I suspect certain domains have higher performance than others. My normal use cases involve API calls, database calls, data transformation and AI fairly consistently does what I want. But in that space there are very repeatable patterns.

Also with your example above I probably would break the function down into smaller parts, for two reasons 1) you can more easily unit test the components; 2) generally I find AI performs better with more focused problems.

So I would probably first write a signature like this:

  # input examples = "1/2" "100" "0.6" "0.99999" "0.5E0" "nan"
  def string_ratio_to_decimal(text: str) -> number
Pasting that into Claude, without any other context, produces this result: https://claude.site/artifacts/58f1af0e-fe5b-4e72-89ba-aeebad...
> I probably would break the function down into smaller parts

Sure. Internally I have multiple functions. Though I don't like unit testing below the public API as it inhibits refactoring and gives false coverage feedback, so all my tests go through the main API.

> Pasting that into Claude, without any other context

The context is the important part.
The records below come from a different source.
Definition fatom_in (S : signature) (A : structure S) (th : cpair A)
  (al : fatom A) : Prop :=
  match al with
  | FEq a b => fst th a b
  | FRel r s => snd th r s
  end.

Definition fatom_map (S : signature) (A : structure S) (h : A -> A)
  (al : fatom A) : fatom A :=
  match al with
  | FEq a b => FEq (h a) (h b)
  | FRel r s => FRel r (fun i => h (s i))
  end.

Definition con (S : signature) (Ax : qi S -> Prop) (A : structure S)
  (al : fatom A) : cpair A :=
  kgen Ax (fun chi => fatom_in chi al).

Definition conj_list (S : signature) (Ax : qi S -> Prop) (A : structure S)
  (l : list (fatom A)) : cpair A :=
  kjoin Ax (fun psi => exists al, In al l /\ psi = con Ax al).

Definition compact (S : signature) (Ax : qi S -> Prop) (A : structure S)
  (phi : cpair A) : Prop :=
  exists l : list (fatom A), ceq phi (conj_list Ax l).

Definition Tn (S : signature) (Ax : qi S -> Prop) (F : structure S) : Type :=
  {phi : cpair F | compact Ax phi}.

Definition is_join (S : signature) (Ax : qi S -> Prop) (F : structure S)
  (x y z : Tn Ax F) : Prop :=
  ceq (proj1_sig z)
      (kjoin Ax (fun psi => psi = proj1_sig x \/ psi = proj1_sig y)).

Definition ehat_rel (S : signature) (Ax : qi S -> Prop) (F : structure S)
  (eps : hom F F) (x y : Tn Ax F) : Prop :=
  exists l : list (fatom F),
    ceq (proj1_sig x) (conj_list Ax l) /\
    ceq (proj1_sig y) (conj_list Ax (map (fatom_map eps) l)).

Definition ConS (S : signature) (Ax : qi S -> Prop) (F : structure S)
  (th : Tn Ax F -> Tn Ax F -> Prop) : Prop :=
  (forall x, th x x) /\
  (forall x y, th x y -> th y x) /\
  (forall x y z, th x y -> th y z -> th x z) /\
  (forall x y z x' y' z', is_join x y z -> is_join x' y' z' ->
      th x x' -> th y y' -> th z z') /\
  (forall (eps : hom F F) x y x' y', ehat_rel eps x x' -> ehat_rel eps y y' ->
      th x y -> th x' y').
Arguments is_free {S} Ax n F gen.
Arguments ConS {S} Ax F th.

(* A quasi-identity [&_i alpha_i => beta] instantiated in the free structure [F] is a pair
   [x <= y] of compact K-congruences, [x] generated by the [alpha_i] and [y] by [x] and [beta]:
   it holds in a model [A] under [h : F -> A] iff [h] factoring through [F / x] implies [h]
   factoring through [F / y].  So a theory [T] is sent to the relation "every homomorphism into
   a model of [T] factors through [F / x] iff it factors through [F / y]", which respects joins
   and every endomorphism of [F]; when [T] is determined by its quasi-identities in [n]
   variables, [T] is recovered from it.  Conversely a congruence [th] of [S_n] gives the theory
   of the models of K on which [th]-related elements impose the same conditions; that this
   theory returns [th] is seen in the quotient of [F] by the directed union of the elements
   lying below a fixed [x] modulo [th], which is a K-congruence because [F] is free. *)

From Stdlib Require Import List ClassicalEpsilon FunctionalExtensionality
  PropExtensionality ProofIrrelevance Lia PeanoNat.

Section Terms.
Context {S : signature}.

Lemma eval_hom {A B : structure S} (h : hom A B) {V : Type} (w : V -> A) (t : term S V) :
  h (eval A w t) = eval B (fun k => h (w k)) t.
Proof.
  induction t as [x|f args IH]; simpl; [reflexivity|].
  rewrite (hom_fun h). f_equal. apply functional_extensionality; intro i; apply IH.
Qed.

Lemma eval_occurs (A : structure S) (v w : nat -> A) (t : term S nat) :
  (forall k, occurs_term k t -> v k = w k) -> eval A v t = eval A w t.
Proof.
  induction t as [x|f args IH]; simpl; intro H; [apply H; reflexivity|].
  f_equal. apply functional_extensionality; intro i; apply IH.
  intros k Hk; apply H; eauto.
Qed.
Like the context which says "0.5E0" and "nan" are specifically not supported, and how the calculations need to use decimal arithmetic, not IEEE 754 float64.

Also, the hard part is generating the complement with correct formatting, not parsing float-or-fraction, which is first-year CS assignment.

> # Handle special values

Python and C accept "Infinity" as an alternative to "Inf". The correct way is to defer to the underlying system then check if the returned value is infinite or a NaN. Which is what will happen here because when those string checks fail, and the check for "/" fails, it will correctly process through float().

Yes, this section isn't needed.

> # Handle empty string

My spec says the empty string is not an error.

> numerator, denominator = text.split("/"); num = float(numerator); den = float(denominator)

This allows "1.2/3.4" and "inf/nan", which were not in the input examples and therefore support for them should be interpreted as accidental scope creep.

They were also not part of the test suite, which means the tests cannot distinguish between these two clearly different implementations:

  num = float(numerator)
  den = float(denominator)
and:

  num = int(numerator)
  den = int(denominator)
Here's a version which follows the same style as the linked-to code, but is easier to understand:

    if not isinstance(text, str):
        return None
    
    # Remove whitespace
    text = text.strip()
    
    # Handle empty string
    if not text:
        return None

    # Handle ratio format (e.g., "1/2")
    if "/" in text:
        try:
            numerator, denominator = text.split("/")
            num = int(numerator)
            den = int(denominator)
            if den == 0:
                return float("inf") if num > 0 else float("-inf") if num < 0 else float("nan")
            return num / den
        except ValueError:
            return None

    # Handle regular numbers (inf, nan, scientific notation, etc.)
    try:
        return float(text)
    except ValueError:
        return None
It still doesn't come anywhere near handling the actual problem spec I gave.